Lemma Delta_le_star D n P k s t : (2 <= n)%nat -> spread_le D n P s ->
  (forall u v, (u < n)%nat -> (v < n)%nat -> u <> v ->
     2 * s * dist D (P u) (P v) <= t * dist D (P u) (P v)) ->
  Delta_le D n P k t.
Proof.
  intros Hn Hs Ht. set (star := map (fun i => (i, 0%nat)) (seq 1 (n - 1))).
  assert (Hhub : forall i, (i < n)%nat -> walk_within D P star i 0 (dist D (P i) (P 0%nat))).
  { intros i Hi. destruct (Nat.eq_dec i 0) as [->|Hi0].
    - apply walk_within_refl, dist_nonneg.
    - apply walk_within_edge. left. apply in_map_iff. exists i. split; [reflexivity|]. apply in_seq. lia. }
  apply Delta_le_of_edges_le with star; auto.
  - unfold star. rewrite length_map, length_seq. lia.
  - intros e He. apply in_map_iff in He as [i [<- Hi]]. apply in_seq in Hi. simpl. lia.
  - intros u v Hu Hv Huv.
    assert (Hspoke : forall i, (i < n)%nat -> dist D (P i) (P 0%nat) <= s * dist D (P u) (P v)).
    { intros i Hi. destruct (Nat.eq_dec i 0) as [->|Hi0]; [|apply Hs; auto; lia].
      rewrite dist_self. pose proof (Hs u v u v Hu Hv Hu Hv Huv Huv). pose proof (dist_nonneg D (P u) (P v)). lra. }
    apply walk_within_weaken with (dist D (P u) (P 0%nat) + dist D (P 0%nat) (P v)).
    + rewrite (dist_sym D (P 0%nat)). pose proof (Hspoke u Hu). pose proof (Hspoke v Hv).
      specialize (Ht u v Hu Hv Huv). lra.
    + apply walk_within_trans with 0%nat; [apply Hhub; auto|].
      destruct (Nat.eq_dec v 0) as [->|Hv0]; [apply walk_within_refl; rewrite dist_self; lra|].
      apply walk_within_edge. right. apply in_map_iff. exists v. split; [reflexivity|]. apply in_seq. lia.
Qed.

Section Clusters.
Variables (n : nat) (key : nat -> list nat).

Definition same_key (i j : nat) : bool :=
  if list_eq_dec Nat.eq_dec (key i) (key j) then true else false.

Definition cluster_rep (j : nat) : nat := hd 0%nat (filter (fun i => same_key i j) (seq 0 n)).

Lemma cluster_rep_spec j : (j < n)%nat -> (cluster_rep j < n)%nat /\ key (cluster_rep j) = key j.
Proof.
  intros Hj. unfold cluster_rep.
  assert (Hin : In j (filter (fun i => same_key i j) (seq 0 n))).
  { apply filter_In. split; [apply in_seq; lia|]. unfold same_key. destruct list_eq_dec; congruence. }
  destruct (filter (fun i => same_key i j) (seq 0 n)) as [|r l] eqn:Hl; [destruct Hin|].
  assert (Hr : In r (filter (fun i => same_key i j) (seq 0 n))) by (rewrite Hl; left; reflexivity).
  apply filter_In in Hr as [Hr Hkey]. apply in_seq in Hr. unfold same_key in Hkey.
  destruct list_eq_dec; [simpl; split; [lia|assumption]|discriminate].
Qed.

Lemma cluster_rep_congr i j : key i = key j -> cluster_rep i = cluster_rep j.
Proof. intros Hij. unfold cluster_rep, same_key. rewrite Hij. reflexivity. Qed.

Lemma exists_cluster_star : exists S E,
  NoDup S /\ (forall i, In i S -> (i < n)%nat) /\
  (forall a b, In a S -> In b S -> key a = key b -> a = b) /\
  (length E + length S = n)%nat /\ graph_wf n E /\
  forall j, (j < n)%nat -> exists r, In r S /\ key r = key j /\ (r = j \/ In (j, r) E).
Proof.
  set (is_rep j := Nat.eqb (cluster_rep j) j).
  exists (filter is_rep (seq 0 n)),
         (map (fun j => (j, cluster_rep j)) (filter (fun j => negb (is_rep j)) (seq 0 n))).
  split; [apply NoDup_filter, seq_NoDup|split; [|split; [|split; [|split]]]].
  - intros i Hi. apply filter_In in Hi as [Hi _]. apply in_seq in Hi. lia.
  - intros a b Ha Hb Hab. apply filter_In in Ha as [_ Ha], Hb as [_ Hb].
    apply Nat.eqb_eq in Ha, Hb. rewrite <- Ha, <- Hb. apply cluster_rep_congr, Hab.
  - rewrite length_map, Nat.add_comm, filter_length, length_seq. reflexivity.
  - intros e He. apply in_map_iff in He as [j [<- Hj]]. apply filter_In in Hj as [Hj Hnrep].
    apply in_seq in Hj. destruct (cluster_rep_spec j ltac:(lia)) as [Hr _].
    unfold is_rep in Hnrep. destruct (Nat.eqb_spec (cluster_rep j) j); simpl in *; [discriminate|lia].
  - intros j Hj. destruct (cluster_rep_spec j Hj) as [Hr Hkey].
    exists (cluster_rep j). split; [|split; [exact Hkey|]].
    + apply filter_In. split; [apply in_seq; lia|]. apply Nat.eqb_eq, cluster_rep_congr, Hkey.
    + destruct (Nat.eq_dec (cluster_rep j) j) as [Heq|Hne]; [left; exact Heq|right].
      apply in_map_iff. exists j. split; [reflexivity|]. apply filter_In. split; [apply in_seq; lia|].
      unfold is_rep. destruct (Nat.eqb_spec (cluster_rep j) j); [contradiction|reflexivity].
Qed.

End Clusters.

(* Yao cones: the grid cell, at mesh [1 / (2D)], of the unit direction from [x] to [y] shifted into [[0, 2]^D]. *)
Definition cone D (x y : point) : list nat :=
  grid_cell D (/ (2 * INR D)) (fun t => (y t - x t) / dist D x y + 1).

Definition cone_count (D : nat) : nat := ((4 * D + 1) ^ D)%nat.

Lemma direction_coord_bound D x y t : (t < D)%nat -> Rabs ((y t - x t) / dist D x y) <= 1.
Proof.
  intros Ht. destruct (Req_dec (dist D x y) 0) as [H0|H0].
  - rewrite H0. unfold Rdiv. rewrite Rinv_0, Rmult_0_r, Rabs_R0. lra.
  - pose proof (dist_nonneg D x y).
    unfold Rdiv. rewrite Rabs_mult, Rabs_inv, (Rabs_right (dist D x y)) by lra.
    apply Rmult_le_reg_r with (dist D x y); [lra|].
    rewrite Rmult_assoc, Rinv_l, Rmult_1_r, Rmult_1_l by lra.
    rewrite dist_sym. apply dist_coord_le, Ht.
Qed.

Lemma cone_in_tuples D x y : In (cone D x y) (nat_tuples D (4 * D + 1)).
Proof.
  destruct (Nat.eq_dec D 0) as [->|HD0]; [left; reflexivity|].
  assert (HD : 0 < INR D) by (apply lt_0_INR; lia).
  apply grid_cell_in_tuples; [apply Rinv_0_lt_compat; lra|].
  intros t Ht. pose proof (Rabs_le_bounds _ _ (direction_coord_bound D x y t Ht)).
  replace (INR (4 * D + 1) * / (2 * INR D)) with (2 + / (2 * INR D))
    by (rewrite plus_INR, mult_INR, INR_1; replace (INR 4) with 4 by (simpl; lra); field; lra).
  pose proof (Rinv_0_lt_compat (2 * INR D)). lra.
Qed.

Lemma cone_eq_close D x v w : cone D x w = cone D x v -> forall t, (t < D)%nat ->
  Rabs ((w t - x t) / dist D x w - (v t - x t) / dist D x v) <= / (2 * INR D).
Proof.
  intros Heq t Ht. assert (HD : 0 < INR D) by (apply lt_0_INR; lia).
  assert (Hshift : forall y t', (t' < D)%nat -> 0 <= (y t' - x t') / dist D x y + 1).
  { intros y t' Ht'. pose proof (Rabs_le_bounds _ _ (direction_coord_bound D x y t' Ht')). lra. }
  assert (Hmesh : 0 < / (2 * INR D)) by (apply Rinv_0_lt_compat; lra).
  pose proof (grid_cell_eq_close D _ _ _ Hmesh
                (fun t' Ht' => conj (Hshift w t' Ht') (Hshift v t' Ht')) Heq t Ht) as Hclose.
  replace ((w t - x t) / dist D x w - (v t - x t) / dist D x v)
    with ((w t - x t) / dist D x w + 1 - ((v t - x t) / dist D x v + 1)) by ring.
  lra.
Qed.

Section Yao.
Variables (D : nat) (P : nat -> point) (E : list (nat * nat)) (S : list nat) (dl : R).
Hypothesis dl_pos : 0 < dl.
Hypothesis S_separated : forall i j, In i S -> In j S -> i <> j -> dl <= dist D (P i) (P j).
Hypothesis E_yao : forall u w, In u S -> In w S -> u <> w ->
  exists w', In (u, w') E /\ In w' S /\ w' <> u /\
    cone D (P u) (P w') = cone D (P u) (P w) /\ dist D (P u) (P w') <= dist D (P u) (P w).

Lemma yao_walk_within : forall u v, In u S -> In v S -> u <> v ->
  walk_within D P E u v (2 * dist D (P u) (P v)).
Proof.
  (* Each greedy step brings the walk at least [dl / 2] closer to [v]. *)
  assert (Hsteps : forall N u v, In u S -> In v S -> u <> v ->
            dist D (P u) (P v) < INR N * (dl / 2) -> walk_within D P E u v (2 * dist D (P u) (P v))).
  { induction N as [|N IH]; intros u v Hu Hv Huv Hlt.
    - pose proof (dist_nonneg D (P u) (P v)). simpl in Hlt. lra.
    - destruct (E_yao u v Hu Hv Huv) as [w [Hedge [Hw [Hwu [Hcone Hnear]]]]].
      destruct (Nat.eq_dec w v) as [->|Hwv].
      + apply walk_within_weaken with (dist D (P u) (P v)); [pose proof (dist_nonneg D (P u) (P v)); lra|].
        apply walk_within_edge. left. exact Hedge.
      + assert (Huw : dl <= dist D (P u) (P w)) by (apply S_separated; auto).
        assert (Hcloser : dist D (P w) (P v) <= dist D (P u) (P v) - dist D (P u) (P w) / 2).
        { apply dist_le_of_close_directions; [lra|exact Hnear|]. apply cone_eq_close, Hcone. }
        apply walk_within_weaken with (dist D (P u) (P w) + 2 * dist D (P w) (P v)); [lra|].
        apply walk_within_cons; [left; exact Hedge|].
        apply IH; auto. rewrite S_INR in Hlt. lra. }
  intros u v Hu Hv Huv. destruct (INR_archimed (dl / 2) (dist D (P u) (P v))) as [N HN]; [lra|].
  apply (Hsteps N); auto.
Qed.

End Yao.

Lemma exists_yao_spanner D n P S dl : 0 < dl -> (forall i, In i S -> (i < n)%nat) ->
  (forall i j, In i S -> In j S -> i <> j -> dl <= dist D (P i) (P j)) ->
  exists E, (length E <= length S * cone_count D)%nat /\ graph_wf n E /\
    forall u v, In u S -> In v S -> u <> v -> walk_within D P E u v (2 * dist D (P u) (P v)).
Proof.
  intros Hdl HS Hsep.
  set (nearest (uc : nat * list nat) (e : nat * nat) :=
         fst e = fst uc /\ In (snd e) S /\ snd e <> fst uc /\
         cone D (P (fst uc)) (P (snd e)) = snd uc /\
         forall z, In z S -> z <> fst uc -> cone D (P (fst uc)) (P z) = snd uc ->
           dist D (P (fst uc)) (P (snd e)) <= dist D (P (fst uc)) (P z)).
  destruct (exists_partial_choice nearest (list_prod S (nat_tuples D (4 * D + 1))))
    as [E [Hlen [Hsound Hcomplete]]].
  exists E. split; [rewrite length_prod, length_nat_tuples in Hlen; exact Hlen|split].
  - intros e He. destruct (Hsound e He) as [[u c] [Huc [Hfst [Hsnd [Hne _]]]]].
    apply in_prod_iff in Huc as [Hu _]. simpl in *. rewrite Hfst.
    repeat split; auto.
  - apply yao_walk_within with dl; auto.
    intros u w Hu Hw Huw.
    destruct (Hcomplete (u, cone D (P u) (P w))) as [[u' w'] [He [Hfst [Hw' [Hne [Hcone Hmin]]]]]].
    + apply in_prod; [exact Hu|apply cone_in_tuples].
    + destruct (exists_min_in_list (fun z => dist D (P u) (P z))
                  (fun z => z <> u /\ cone D (P u) (P z) = cone D (P u) (P w)) S)
        as [z [Hz [[Hzu Hzc] Hzmin]]]; [exists w; auto|].
      exists (u, z). repeat split; auto.
    + simpl in *. subst u'. exists w'. repeat split; auto.
Qed.

Definition cell D (P : nat -> point) (rad h : R) (j : nat) : list nat :=
  grid_cell D h (fun t => P j t - P 0%nat t + rad).

Section Cells.
Variables (D n : nat) (P : nat -> point) (rad h : R).
Hypothesis h_pos : 0 < h.
Hypothesis rad_nonneg : 0 <= rad.
Hypothesis rad_bound : forall i, (i < n)%nat -> dist D (P 0%nat) (P i) <= rad.

Lemma cell_coord_bounds i t : (i < n)%nat -> (t < D)%nat -> 0 <= P i t - P 0%nat t + rad <= 2 * rad.
Proof.
  intros Hi Ht. pose proof (dist_coord_le D (P i) (P 0%nat) t Ht) as Hc.
  rewrite dist_sym in Hc. specialize (rad_bound i Hi). apply Rabs_le_bounds in Hc. lra.
Qed.

Lemma dist_le_of_cell_eq i j : (i < n)%nat -> (j < n)%nat ->
  cell D P rad h i = cell D P rad h j -> dist D (P i) (P j) <= INR D * h.
Proof.
  intros Hi Hj Heq. apply dist_le_of_coords; [lra|]. intros t Ht.
  assert (Hclose := grid_cell_eq_close D h _ _ h_pos
    (fun t' Ht' => conj (proj1 (cell_coord_bounds i t' Hi Ht')) (proj1 (cell_coord_bounds j t' Hj Ht')))
    Heq t Ht).
  replace (P i t - P j t) with (P i t - P 0%nat t + rad - (P j t - P 0%nat t + rad)) by ring.
  lra.
Qed.

Lemma length_le_of_cell_injective l : NoDup l -> (forall i, In i l -> (i < n)%nat) ->
  (forall a b, In a l -> In b l -> cell D P rad h a = cell D P rad h b -> a = b) ->
  INR (length l) <= (2 * rad / h + 1) ^ D.
Proof.
  intros Hnd Hl Hinj. set (B := (floor_nat (2 * rad / h) + 1)%nat).
  assert (HB : 2 * rad / h < INR B <= 2 * rad / h + 1).
  { unfold B. rewrite plus_INR, INR_1.
    pose proof (floor_nat_spec (2 * rad / h) ltac:(apply Rle_mult_inv_pos; lra)). lra. }
  assert (Hlen : (length l <= B ^ D)%nat).
  { apply length_le_of_injective_tuples with (f := cell D P rad h); auto.
    intros a Ha. apply grid_cell_in_tuples; [exact h_pos|]. intros t Ht.
    destruct (cell_coord_bounds a t (Hl a Ha) Ht) as [Hlo Hhi]. split; [exact Hlo|].
    apply Rle_lt_trans with (2 * rad); [exact Hhi|].
    replace (2 * rad) with (2 * rad / h * h) at 1 by (field; lra).
    apply Rmult_lt_compat_r; lra. }
  apply le_INR in Hlen. rewrite pow_INR in Hlen. eapply Rle_trans; [exact Hlen|].
  apply pow_incr. pose proof (pos_INR B). lra.
Qed.

End Cells.

Lemma card_le_of_separated D n P dl rad : (1 <= D)%nat -> 0 < dl -> 0 <= rad ->
  (forall i j, (i < n)%nat -> (j < n)%nat -> i <> j -> dl <= dist D (P i) (P j)) ->
  (forall i, (i < n)%nat -> dist D (P 0%nat) (P i) <= rad) ->
  INR n <= (4 * INR D * rad / dl + 1) ^ D.
Proof.
  intros HD Hdl Hrad Hsep Hbound.
  assert (HDr : 0 < INR D) by (apply lt_0_INR; lia).
  set (h := dl / (2 * INR D)). assert (Hh : 0 < h) by (unfold h; apply Rdiv_lt_0_compat; lra).
  replace (4 * INR D * rad / dl) with (2 * rad / h) by (unfold h; field; lra).
  rewrite <- (length_seq n 0).
  apply length_le_of_cell_injective with n P; auto; [apply seq_NoDup|intros i Hi; apply in_seq in Hi; lia|].
  intros a b Ha Hb Hcell. apply in_seq in Ha, Hb.
  destruct (Nat.eq_dec a b) as [|Hab]; [assumption|exfalso].
  pose proof (dist_le_of_cell_eq D n P rad h Hh Hbound a b ltac:(lia) ltac:(lia) Hcell).
  pose proof (Hsep a b ltac:(lia) ltac:(lia) Hab).
  assert (INR D * h = dl / 2) by (unfold h; field; lra). lra.
Qed.

Lemma Delta_le_weaken D n P k t t' : t <= t' -> Delta_le D n P k t -> Delta_le D n P k t'.
Proof.
  intros Htt' [E [Hlen [Hwf Hdil]]]. exists E. split; [exact Hlen|split; [exact Hwf|]].
  intros u v Hu Hv Huv. apply walk_within_weaken with (t * dist D (P u) (P v)); [|apply Hdil; auto].
  apply Rmult_le_compat_r; [apply dist_nonneg|exact Htt'].
Qed.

· · · · · · ·

[What you are asked to do] When you reach the line holding "intros u w Hu Hw Huw." in the records above, begin reproducing exactly, stop after the line holding "D (P u) (P z))", and output nothing else.

[Response below]
    intros u w Hu Hw Huw.
    destruct (Hcomplete (u, cone D (P u) (P w))) as [[u' w'] [He [Hfst [Hw' [Hne [Hcone Hmin]]]]]].
    + apply in_prod; [exact Hu|apply cone_in_tuples].
    + destruct (exists_min_in_list (fun z => dist D (P u) (P z))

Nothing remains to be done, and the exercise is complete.